*WHAT THIS TASK INVOLVES*
Please transcribe the line with "CA * Num.sqrt" and the lines after it through the end of the listing below, keeping both ends and nothing more.

*INPUT RECORDS*

Theorem mainTheorem5 (R : realType) (d k : nat) (O : 'I_k -> 'M[R[i]]_d)
    (m : 'I_k -> nat) (lam : forall a, 'I_(m a) -> R)
    (P : forall a, 'I_(m a) -> 'M[R[i]]_d) :
  (forall a, is_hermitian (O a)) ->
  (forall a, \tr (O a) = 0) ->
  (forall a, spectral_decomp (O a) (lam a) (P a)) ->
  (exists (a b : 'I_k) (psiA psiB : 'cV[R[i]]_d),
      [/\ a != b, top_eigvec (O a) psiA, top_eigvec (O b) psiB,
          forall i, i != a -> qform (O i) psiA < qform (O a) psiA
        & forall j, j != b -> qform (O j) psiB < qform (O b) psiB]) ->
  exists CA : R, 0 < CA /\
    forall (T : nat) (pi : policy R k), valid_policy pi ->
      exists rho : 'M[R[i]]_d, density rho /\
        CA * Num.sqrt (T%:R) <= exp_regret O lam P rho pi T.
Proof.
move=> _ _ spectralO [a [b [psiA [psiB [ab [psiA0 _] [psiB0 _] maxA maxB]]]]].
pose rA := pure_state psiA; pose rB := pure_state psiB.
have [l0 [u [l0_01 b_max u_tie u_steeper]]] :=
  upper_envelope_kink (qA := fun x => mean rA (O x)) (qB := fun x => mean rB (O x)) ab
    (fun x xa => mean_pure_state_lt psiA0 (maxA x xa))
    (fun x xb => mean_pure_state_lt psiB0 (maxB x xb)).
have mu0 : 0 < Num.min l0 (1 - l0) by rewrite lt_min subr_gt0; case/andP: l0_01 => -> ->.
exists ((mean rA (O u) - mean rB (O u) - (mean rA (O b) - mean rB (O b)))
  * Num.min l0 (1 - l0) / 96); split => [|T pi pi_valid].
  by rewrite !divr_gt0 ?mulr_gt0 ?subr_gt0.
have [l dl] := exp_regret_mixture_ge spectralO (density_pure_state psiA0)
  (density_pure_state psiB0) l0_01 b_max u_tie u_steeper T pi_valid.
by exists (mixture l rA rB).
Qed.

*SOLUTION BELOW*
        CA * Num.sqrt (T%:R) <= exp_regret O lam P rho pi T.
Proof.
move=> _ _ spectralO [a [b [psiA [psiB [ab [psiA0 _] [psiB0 _] maxA maxB]]]]].
pose rA := pure_state psiA; pose rB := pure_state psiB.
have [l0 [u [l0_01 b_max u_tie u_steeper]]] :=
  upper_envelope_kink (qA := fun x => mean rA (O x)) (qB := fun x => mean rB (O x)) ab
    (fun x xa => mean_pure_state_lt psiA0 (maxA x xa))
    (fun x xb => mean_pure_state_lt psiB0 (maxB x xb)).
have mu0 : 0 < Num.min l0 (1 - l0) by rewrite lt_min subr_gt0; case/andP: l0_01 => -> ->.
exists ((mean rA (O u) - mean rB (O u) - (mean rA (O b) - mean rB (O b)))
  * Num.min l0 (1 - l0) / 96); split => [|T pi pi_valid].
  by rewrite !divr_gt0 ?mulr_gt0 ?subr_gt0.
have [l dl] := exp_regret_mixture_ge spectralO (density_pure_state psiA0)
  (density_pure_state psiB0) l0_01 b_max u_tie u_steeper T pi_valid.
by exists (mixture l rA rB).
Qed.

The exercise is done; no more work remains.